Ideal for a summer buffet, the flavors of this salad marry nicely, especially when made in advance. For a shortcut, look for marinated mussels in your seafood market case. Some stores offer this as a delicious shortcut for their customers. You can make this salad up to a day ahead, but if doing so reserve the spinach and add it just before serving. If you refrigerate the salad, bring it to room temperate about 20 minutes before serving; this will enhance the flavors.

Instructions:

Pull the feathery fronds from the fennel stalks, coarsely chop and set aside. Cut the tough stalks from the bulb and discard. Cut the fennel bulb vertically into quarters, cut out and discard the core.

Thinly slice the fennel on the diagonal, starting where the stalks were reomved. Slice the pepper cross-wise into match-stick size pieces. In a large bowl, combine the fennel bulb and fronds, yellow pepper, beans and spinach.

In a 10-inch pot, combine the water, shallots and garlic. Place a steamer rack in the pot, cover and bring to a boil. Add the mussels, and steam until the mussels are open, 3 to 5 minutes. Discard any unopened mussels. Transfer the mussels to a bowl and set aside.

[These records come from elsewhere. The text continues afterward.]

Lemma sqrtmx_spec (R : realType) (n : nat) (A : 'M[R]_n) : symmx A ->
  (forall u : 'cV[R]_n, u != 0 -> 0 < dotv u (A *m u)) ->
  (sqrtmx A)^T *m sqrtmx A = A.
Proof.
move=> Asym A_pd; have [[S_sym _] S_sqr] := epsilon_spec (inhabits 0) _
  (posdef_sqrt_exists Asym A_pd).
by rewrite /sqrtmx S_sym S_sqr.
Qed.

Theorem mainTheorem10 (R : realType) (n : nat) (A : 'M[R]_n) (kappa0 : R)
  (hk : 0 < kappa0)
  (hA : forall u : 'cV[R]_n, kappa0 ^+ 2 * vnorm u ^+ 2 <= dotv u (A *m u)) :
  beta_monotone 2 (fun u : 'cV[R]_n => A *m u)
  /\ (symmx A -> forall alpha : R, 0 < alpha ->
        beta_monotone (alpha + 2)
          (fun u : 'cV[R]_n => (vnorm (sqrtmx A *m u) `^ alpha) *: (A *m u)))
  /\ (forall alpha : R, 0 < alpha ->
        (alpha = kappa0 ^+ 2 / opnorm A ->
           monotone_map (fun u : 'cV[R]_n => (vnorm u `^ alpha) *: (A *m u)))
        /\ (alpha < kappa0 ^+ 2 / opnorm A ->
           beta_monotone (alpha + 2)
             (fun u : 'cV[R]_n => (vnorm u `^ alpha) *: (A *m u)))).
Proof.
split; first exact: mulmx_beta_monotone2.
split.
  move=> Asym al al0; apply: sqrt_weighted_beta_monotone => //.
  by apply: sqrtmx_spec => //; exact: coercive_posdef hA hk.
move=> al al0; split => [aE|aL].
  by apply: (norm_weighted_monotone hA (vnorm_mulmx_opnorm A) al0); rewrite aE.
exact: (norm_weighted_beta_monotone hA (vnorm_mulmx_opnorm A) al0 aL).
Qed.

Remove the steamer rack and scoop out the shallots and garlic with a slotted spoon. Boil the cooking liquid uncovered until reduced to ¼ cup. Finely chop the shallots and garlic and put them in a medium bowl. Add the reduced mussel liquid along with the vinegar, mustard, salt, pepper and cayenne, if using. Whisk in th olive oil.

Reserve 8 mussels in their shells to decorate the salad and remove the rest from their shells. Add the mussel meats to the fennel mixture. Pour the dressing over the salad and toss. Taste and adjust seasonings. To the salad with the remaining mussels and serve.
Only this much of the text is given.